Dans nos provinces, l’art des confitures est pratiqué partout : savez-vous que George Sand, en sa vieillesse, était plus fière de ses confitures que de ses romans ? A Nohant, elle manipulait magistralement la grande écumoire de cuivre ; et elle montrait, avec orgueil, soigneusement étiquetées et rangées sur des tablettes, toutes les confitures possibles et imaginables qu’elle avait faites de ses mains.

La fabrication familiale n’empêche pas l’industrie confiturière d’être prospère. Il y avait en France, avant la Première Guerre mondiale, des fabriques qui travaillaient de trois à cinq tonnes de fruits par jour.
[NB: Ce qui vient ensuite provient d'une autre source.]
Lemma pair_iso_of_cyc_graph_iso (gT hT : finGroupType) (X : {set gT}) (Y : {set hT}) :
  cyc_graph_iso X Y -> #|X| = #|Y| -> exists f, cyclic_pair_iso X Y f.
Proof.
case=> f [injf fV adjf] eqXY.
have eqC : #|Cyc X| = #|Cyc Y|.
  have cardV : #|cyc_vertices Y| = #|cyc_vertices X| by rewrite -fV card_in_imset.
  move: eqXY; rewrite -(cardsID (Cyc X) X) -(cardsID (Cyc Y) Y) cardV.
  by rewrite (setIidPr (Cyc_sub X)) (setIidPr (Cyc_sub Y)) => /addIn.
have [h injh hC] := eq_card_bij 1 eqC.
by eexists; apply: pair_iso_extension injf fV adjf injh hC.
Qed.

Section Domination.
Variables (T : finGroupType) (X : {group T}).
Implicit Types x y u v w : T.

Definition cyc_nbhd x := [set y in X | cyclic_pair x y].

Definition cyc_dom x := [set w in X | cyc_nbhd x \subset cyc_nbhd w].

Lemma cyc_nbhd_refl x : x \in X -> x \in cyc_nbhd x.
Proof. by move=> xX; rewrite inE xX cyclic_pair_refl. Qed.

Lemma cyc_nbhd_sub x : cyc_nbhd x \subset X.
Proof. by apply/subsetP => y /setIdP[]. Qed.

Lemma cyc_dom_refl x : x \in X -> x \in cyc_dom x.
Proof. by move=> xX; rewrite inE xX subxx. Qed.

Lemma cyc_dom_sub x : cyc_dom x \subset X.
Proof. by apply/subsetP => w /setIdP[]. Qed.

Lemma cyc_dom_trans x u : u \in cyc_dom x -> cyc_dom u \subset cyc_dom x.
Proof.
case/setIdP=> _ sxu; apply/subsetP => v /setIdP[vX suv].
by rewrite inE vX (subset_trans sxu suv).
Qed.

Lemma cyc_dom_nbhd x w : x \in X -> w \in cyc_dom x -> w \in cyc_nbhd x.
Proof.
move=> xX /setIdP[wX /subsetP/(_ x (cyc_nbhd_refl xX))].
by rewrite !inE xX wX cyclic_pairC.
Qed.

Lemma cyc_dom_cyclic_pair x w w' :
  x \in X -> w \in cyc_dom x -> w' \in cyc_dom x -> cyclic_pair w w'.
Proof.
move=> xX /setIdP[_ /subsetP sxw] /(cyc_dom_nbhd xX)/sxw.
by case/setIdP.
Qed.

Lemma group_set_cyc_dom x : x \in X -> group_set (cyc_dom x).
Proof.
move=> xX; apply/group_setP; split=> [|w w' wD w'D].
  by rewrite inE group1; apply/subsetP => y /setIdP[yX _]; rewrite inE yX cyclic_pair1.
have [wX w'X] := (subsetP (cyc_dom_sub x) w wD, subsetP (cyc_dom_sub x) w' w'D).
rewrite inE groupM //=; apply/subsetP => y yN.
have /setIdP[yX cp_wy] := subsetP (setIdP wD).2 y yN.
have /setIdP[_ cp_w'y] := subsetP (setIdP w'D).2 y yN.
by rewrite inE yX cyclic_pairM // (cyc_dom_cyclic_pair xX wD w'D).
Qed.

Definition cyc_dom_group x (xX : x \in X) := Group (group_set_cyc_dom xX).

Lemma cyclic_cyc_dom x (xX : x \in X) : cyclic (cyc_dom_group xX).
Proof. by apply: cyclic_pairwise => w w'; apply: cyc_dom_cyclic_pair. Qed.

Lemma order_dvd_cyc_dom x (xX : x \in X) : #[x] %| #|cyc_dom x|.
Proof. exact: (order_dvdG (cyc_dom_refl xX : x \in cyc_dom_group xX)). Qed.

Lemma cyc_nbhd_dom_eq u u' : u \in X -> u' \in X ->
  cyc_dom u = cyc_dom u' -> cyc_nbhd u = cyc_nbhd u'.
Proof.
move=> uX u'X eq_D; apply/eqP; rewrite eqEsubset.
have /setIdP[_ ->] : u' \in cyc_dom u by rewrite eq_D cyc_dom_refl.
by have /setIdP[_ ->] : u \in cyc_dom u' by rewrite -eq_D cyc_dom_refl.
Qed.

Lemma mem_cyc_dom_dvd x u v : x \in X -> u \in cyc_dom x -> v \in cyc_dom x ->
  #[u] %| #|cyc_dom v| -> u \in cyc_dom v.
Proof.
move=> xX uD vD; have vX := subsetP (cyc_dom_sub x) v vD.
have sDv : cyc_dom_group vX \subset cyc_dom_group xX := cyc_dom_trans vD.
have su : <[u]> \subset cyc_dom_group xX by rewrite cycle_subG.
by rewrite orderE (cardSg_cyclic (cyclic_cyc_dom xX) su sDv) cycle_subG.
Qed.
La consommation des confitures dépassait même, à ce qu’il paraît, la production des fruits, car on trouvait parfois certaines confitures d’importation qui n’avaient de confitures que le nom.

Ces marmelades étaient faites avec du fucus spinosus ou agar-agar, une sorte de colle qu’on extrait d’une algue fort commune dans les mers d’Extrême-Orient. Sucrée et colorée, cette gelose était traitée avec des essences constituées par des éthers formique, butyrique, acétique, benzoïque, oenanthique, amylvalérique, dilués dans un peu de glycérine, et qui lui donnaient vaguement le goût de prunes ou d’abricots, de groseilles ou de framboises, de pommes, de poires, de cerises ou de pêches.